Clare Hall Colloquium Lent 2025
Clare Hall’s Colloquia provide members of the College – especially (but not exclusively) Visiting Fellows and Life Members – with an opportunity to present their research, whether in its early stages or already published, in a friendly setting. They are a great way to discuss your ideas, meet fellow members and to contribute to our vibrant community.
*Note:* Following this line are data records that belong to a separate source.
Lemma integral_gibbs_density {Q : probability T R} : Q U = 1%E ->
  (\int[Q]_(x in U) (expR (g x - Lg g Q))%:E = 1)%E.
Proof.
move=> QU; have Z_gt0 := partition_function_gt0 QU.
rewrite EFin_Rintegral //; last exact: integrable_expR_gB.
rewrite (@eq_Rintegral _ _ _ Q U (fun x => expR (g x) * (expR (Lg g Q))^-1)); last first.
  by move=> x _; rewrite expRB.
by rewrite RintegralZr ?lnK ?posrE ?mulfV ?gt_eqF //; exact: integrable_expR_g.
Qed.

(* The everywhere nonnegative version rho of dP/dQ allows the change of variables
   dP = rho dQ for nonnegative integrands; then e^(g - c - ln rho) rho <= e^(g - c),
   whose Q-integral is 1. *)
Lemma integral_gibbs_ratio_le1 {P Q : probability T R} : P `<< Q -> Q U = 1%E ->
  (\int[P]_(x in U) (expR (g x - Lg g Q
     - ln (fine (Radon_Nikodym_SigmaFinite.f P Q x))))%:E <= 1)%E.
Proof.
move=> PQ QU; set c := Lg g Q.
have mrho : measurable_fun setT (Radon_Nikodym_SigmaFinite.f P Q).
  exact: measurable_int (Radon_Nikodym_SigmaFinite.f_integrable PQ).
have rhoE x : Radon_Nikodym_SigmaFinite.f P Q x =
    (fine (Radon_Nikodym_SigmaFinite.f P Q x))%:E.
  by rewrite fineK ?Radon_Nikodym_SigmaFinite.f_fin_num.
have mk : measurable_fun U
    (fun x => (expR (g x - c - ln (fine (Radon_Nikodym_SigmaFinite.f P Q x))))%:E).
  apply/measurable_EFinP/measurableT_comp/measurable_funB => //.
  exact/measurableT_comp/measurable_funTS/measurableT_comp.
rewrite -(Radon_Nikodym_SigmaFinite.change_of_variables PQ _ mU mk); last first.
  by move=> x; rewrite lee_fin expR_ge0.
rewrite -(integral_gibbs_density QU); apply: ge0_le_integral => //.
- by move=> x _; rewrite mule_ge0 ?lee_fin ?expR_ge0 ?Radon_Nikodym_SigmaFinite.f_ge0.
- by apply: emeasurable_funM => //; exact: measurable_funTS.
- exact: measurable_int (integrable_expR_gB Q c).
- move=> x _; rewrite (rhoE x : Radon_Nikodym_SigmaFinite.f P Q x = _) -EFinM lee_fin.
  by rewrite /= expRBln_mulr_le // fine_ge0 ?Radon_Nikodym_SigmaFinite.f_ge0.
Qed.

Lemma gibbs_inequality {P Q : probability T R} : P U = 1%E -> Q U = 1%E ->
  ((\int[P]_(x in U) g x)%:E - KL P Q <= (Lg g Q)%:E)%E.
Proof.
move=> PU QU; have [PQ|nPQ] := pselect (P `<< Q); last first.
  by rewrite /KL asboolF //= leNye.
have mrho : measurable_fun setT (Radon_Nikodym_SigmaFinite.f P Q).
  exact: measurable_int (Radon_Nikodym_SigmaFinite.f_integrable PQ).
rewrite (KL_density PQ (measurable_funTS mrho) (ae_eq_Radon_Nikodym_SigmaFinite PQ mU)).
set c := Lg g Q; pose r x := fine (Radon_Nikodym_SigmaFinite.f P Q x).
pose k x := expR (g x - c - ln (r x)).
have kP_le1 : (\int[P]_(x in U) (k x)%:E <= 1)%E := integral_gibbs_ratio_le1 PQ QU.
have mlnr : measurable_fun U (fun x => ln (r x)).
  exact/measurableT_comp/measurable_funTS/measurableT_comp.
have mk : measurable_fun U k by apply/measurableT_comp/measurable_funB.
have intk : P.-integrable U (EFin \o k).
  apply/integrableP; split; first exact/measurable_EFinP.
  under eq_integral => x _ do rewrite /= ger0_norm ?expR_ge0 //.
  exact: le_lt_trans kP_le1 (ltry _).
have intg := integrable_g P.
have intc := finite_measure_integrable_cst P (1 - c) mU.
have intgc : P.-integrable U (EFin \o (fun x => g x + (1 - c))).
  by apply: eq_integrable (integrableD mU intg intc).
have intgck : P.-integrable U (EFin \o (fun x => g x + (1 - c) - k x)).
  by apply: eq_integrable (integrableB mU intgc intk).
have le_KL : ((\int[P]_(x in U) (g x + (1 - c) - k x))%:E
    <= \int[P]_(x in U) (ln (r x))%:E)%E.
  rewrite -EFin_Rintegral //; apply: measurable_le_integral => //.
  - by apply/measurable_EFinP/measurable_funB => //; exact: measurable_funD.
  - exact/measurable_EFinP.
  - move=> x _; rewrite lee_fin.
    by have := expR_ge1Dx (g x - c - ln (r x)); rewrite -/(k x); lra.
rewrite RintegralB // RintegralD // ?Rintegral_cst // in le_KL.
rewrite (_ : fine (P U) = 1) ?mulr1 in le_KL; last by rewrite PU.
have kP_le1' : \int[P]_(x in U) k x <= 1 by rewrite -lee_fin -EFin_Rintegral.
apply: le_trans (leeB (lexx _) le_KL) _; rewrite -EFinB lee_fin; lra.
Qed.

Lemma gibbs_measure_exists {Q : probability T R} : Q U = 1%E ->
  exists P : probability T R, [/\ P U = 1%E, P `<< Q &
    ae_eq Q U (fun x => (expR (g x - Lg g Q))%:E)
      ('d (charge_of_finite_measure P) '/d Q)].
Proof.
move=> QU; set c := Lg g Q; set w := (fun x => expR (g x - c)) \_ U.
have w_ge0 x : 0 <= w x by rewrite /w /patch; case: ifP => _ //; rewrite expR_ge0.
have mw : measurable_fun setT w.
  by apply/(measurable_restrictT _ mU)/measurableT_comp.
have w_int1 : (\int[Q]_x (w x)%:E = 1)%E.
  have -> : (fun x => (w x)%:E) = (EFin \o (fun x => expR (g x - c))) \_ U.
    by rewrite restrict_EFin.
  by rewrite -integral_mkcond integral_gibbs_density.
have [P [PE PQ]] := exists_density_probability Q w w_ge0 mw w_int1.
have PE_U E : E `<=` U -> P E = (\int[Q]_(x in E) (expR (g x - c))%:E)%E.
  move=> EU; rewrite PE; apply: eq_integral => x /set_mem Ex.
  by rewrite /w patchE mem_set //; exact: EU.
exists P; split => //; first by rewrite PE_U // integral_gibbs_density.
have PQ' : charge_of_finite_measure P `<< Q := PQ.
apply: integral_ae_eq => //.
- exact: integrable_expR_gB.
- exact: measurable_funTS (measurable_int _ (Radon_Nikodym_integrable PQ')).
- by move=> E EU mE; rewrite -(Radon_Nikodym_integral PQ' mE); exact/esym/PE_U.
Qed.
The Colloquia typically consist of a 30-45 minute presentation followed by discussion. We attract an audience from many different disciplines and post-talk dialogue is often very lively and constructive. Talks are intended to be accessible to a general audience and speakers are requested to avoid unnecessary jargon and obscurantist language. Presentations are intentionally kept ‘in-house’ with no videoconferencing or recording. The Colloquia take place in term time, 7.30-9.30pm, in the Clare Hall Meeting Room. Refreshments are provided.
Lent 2025 Programme
21 January: Seppo Poutanen (U. of Turku) – Banished from their material campus: how did closures related to the COVID-19 pandemic affect European doctoral researchers?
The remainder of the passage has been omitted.